Gateway And Control Plane

  • New @smithers-orchestrator/control-plane package. Hosted deployments now have a tested SQLite store for organizations, teams, projects, billing records, identity providers, usage events and limits, secret manager references, and audit export.
  • Facade export for hosted control-plane APIs. Consumers can import ControlPlaneStore through smithers-orchestrator/control-plane or the scoped package.
  • Default Gateway console. Gateway can now mount a built-in operator UI for workflow inventory, active runs, approvals, and common run actions. The UI was extracted into focused auth, bundle, and default-console modules so custom Gateway apps have a cleaner integration point.
  • Production hardening docs. Deployment docs now cover durable storage, Gateway tokens, sandbox boundaries, cache policy, audit trail retention, and release checks.

Sandbox

  • <Sandbox> now supports injectable providers. Workflow authors can pass a provider object or registered provider id instead of hardcoding a runtime such as Docker. Provider-backed sandboxes run remotely, return a validated result bundle, and record the same sandbox lifecycle events as built-in transports.
  • Sandbox result bundles can carry diffBundles. Providers may return a structured result with output, remote ids, artifacts, logs, and a diffBundle; Smithers materializes the bundle, review-gates changes, and applies accepted diffs through the engine diff-bundle path.
  • Runtime selection now fails closed. Unknown runtimes are rejected, and Docker no longer silently falls back to bubblewrap when Docker is unavailable. The legacy local transport path still defaults to bubblewrap only when no provider and no runtime are supplied.
  • Nested sandboxes are explicit. Sandbox execution tracks parent sandbox context and rejects nested sandboxes unless the nested component opts in with allowNested, making diff-base, cleanup, quota, and secret-boundary risks visible at the API boundary.
  • Freestyle is documented as a third-party sandbox provider. The new examples/freestyle/ adapter shows how a provider can create a Freestyle VM, write request files with the VM file API, run vm.exec(), read a result JSON file, and return a Smithers sandbox bundle. The sandbox docs now use this as the provider-extension example.
  • Process runner transport. Sandbox execution can now use a process-backed runner with request/result bundle boundaries and persisted sandbox metadata.
  • Bundle safety was tightened. Bundle manifests, produced diffs, artifact paths, and cleanup behavior now have stronger path containment, size-boundary, and review-decision coverage.

Eval Suite And DevTools

  • Workflow eval suites landed in the CLI. bunx smithers-orchestrator eval can run workflow cases, write reports, detect duplicate run IDs, dry-run plans, and evaluate exact or partial output assertions.
  • Eval assertions are more flexible. outputContains now matches array entries outside prefix position, and docs cover the continued status.
  • DevTools tree utilities gained nested ordering coverage.
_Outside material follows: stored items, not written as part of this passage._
Lemma binomial_inversion (R : pzRingType) (d : nat) (c f : nat -> R) :
  (forall i, f i = \sum_(k < i.+1) c k *+ 'C(d - k, i - k)) ->
  forall j, (j <= d)%N ->
  \sum_(i < j.+1) (-1) ^+ (j - i) *+ 'C(d - i, j - i) * f i = c j.
Proof.
move=> fE j jd.
transitivity (\sum_(k < j.+1) c k *+ 'C(d - k, j - k) *
                \sum_(k <= i < j.+1) (-1) ^+ (j - i) *+ 'C(j - k, i - k)).
  rewrite (eq_bigr (fun i : 'I_j.+1 => \sum_(k < j.+1 | (k < i.+1)%N)
      (-1) ^+ (j - i) *+ 'C(d - i, j - i) * (c k *+ 'C(d - k, i - k)))); last first.
    move=> i _; rewrite fE mulr_sumr.
    by rewrite (big_ord_widen j.+1 (fun k => _ * (c k *+ 'C(d - k, i - k)))).
  rewrite (exchange_big_dep xpredT) //=; apply: eq_bigr => k _.
  rewrite big_geq_mkord mulr_sumr; apply: eq_big => // i /= ki.
  have ij : (i <= j)%N by rewrite -ltnS.
  have trinomial : ('C(d - i, j - i) * 'C(d - k, i - k) =
                    'C(d - k, j - k) * 'C(j - k, i - k))%N.
    have := bin_mul_trinomial (i - k) (j - i) (d - j).
    have -> : (j - i + (d - j) = d - i)%N by lia.
    have -> : (i - k + (j - i) = j - k)%N by lia.
    by have -> : (j - k + (d - j) = d - k)%N by lia.
  rewrite !(mulrnAl, mulrnAr) -!mulrnA commr_sign.
  by rewrite mulnC trinomial mulnC.
rewrite (bigD1 ord_max) //= [X in _ + X]big1 ?addr0; last first.
  move=> k; rewrite -val_eqE /= => k_ne_j.
  by rewrite sum_alternating_binomial ?leq_ord // eq_sym (negbTE k_ne_j) mulr0.
by rewrite sum_alternating_binomial // eqxx subnn bin0 mulr1.
Qed.

End BinomialInversion.

HB.lock Definition downset (T : finType) (prec : rel T) (M : {set T}) :=
  [set i | [exists j in M, prec i j]].

HB.lock Definition maximals (T : finType) (prec : rel T) (B : {set T}) :=
  [set j in B | [forall k in B, prec j k ==> (k == j)]].

Definition antichain (T : finType) (prec : rel T) (M : {set T}) :=
  [forall u in M, forall v in M, prec u v ==> (u == v)].

Section NaturallyLabelledPoset.
Variables (n : nat) (prec : rel 'I_n).
Hypotheses (prec_refl : reflexive prec) (prec_trans : transitive prec).
Hypothesis prec_leq : forall i j, prec i j -> i <= j.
Tests now assert depth-first task collection through nested containers.

Demo, Docs, And CI

  • Keyboard-driven demo deck. .smithers/scripts/run-demo.sh now launches a 35-slide terminal deck with keyboard navigation, replay, mute, auto mode, and a live durability/time-travel sequence.
  • Dynamic demo workflow. A lightweight dynamic workflow was added for smoke-testing task graph behavior without running the full deck.
  • Demo output is cleaner for recording. The live deck no longer inherits NO_COLOR into forced-color child commands, avoiding Bun color warnings during the durability slide.
  • Workflow catalog and docs were refreshed. The seeded workflow catalog, MCP/server docs, caching docs, eval quickstart, and quickstart copy were updated alongside the new behavior.
  • CI now runs the test gate on pull requests. The GitHub workflow includes the repository test job, and agent timeout tests were hardened so idle timeout coverage is less timing-sensitive.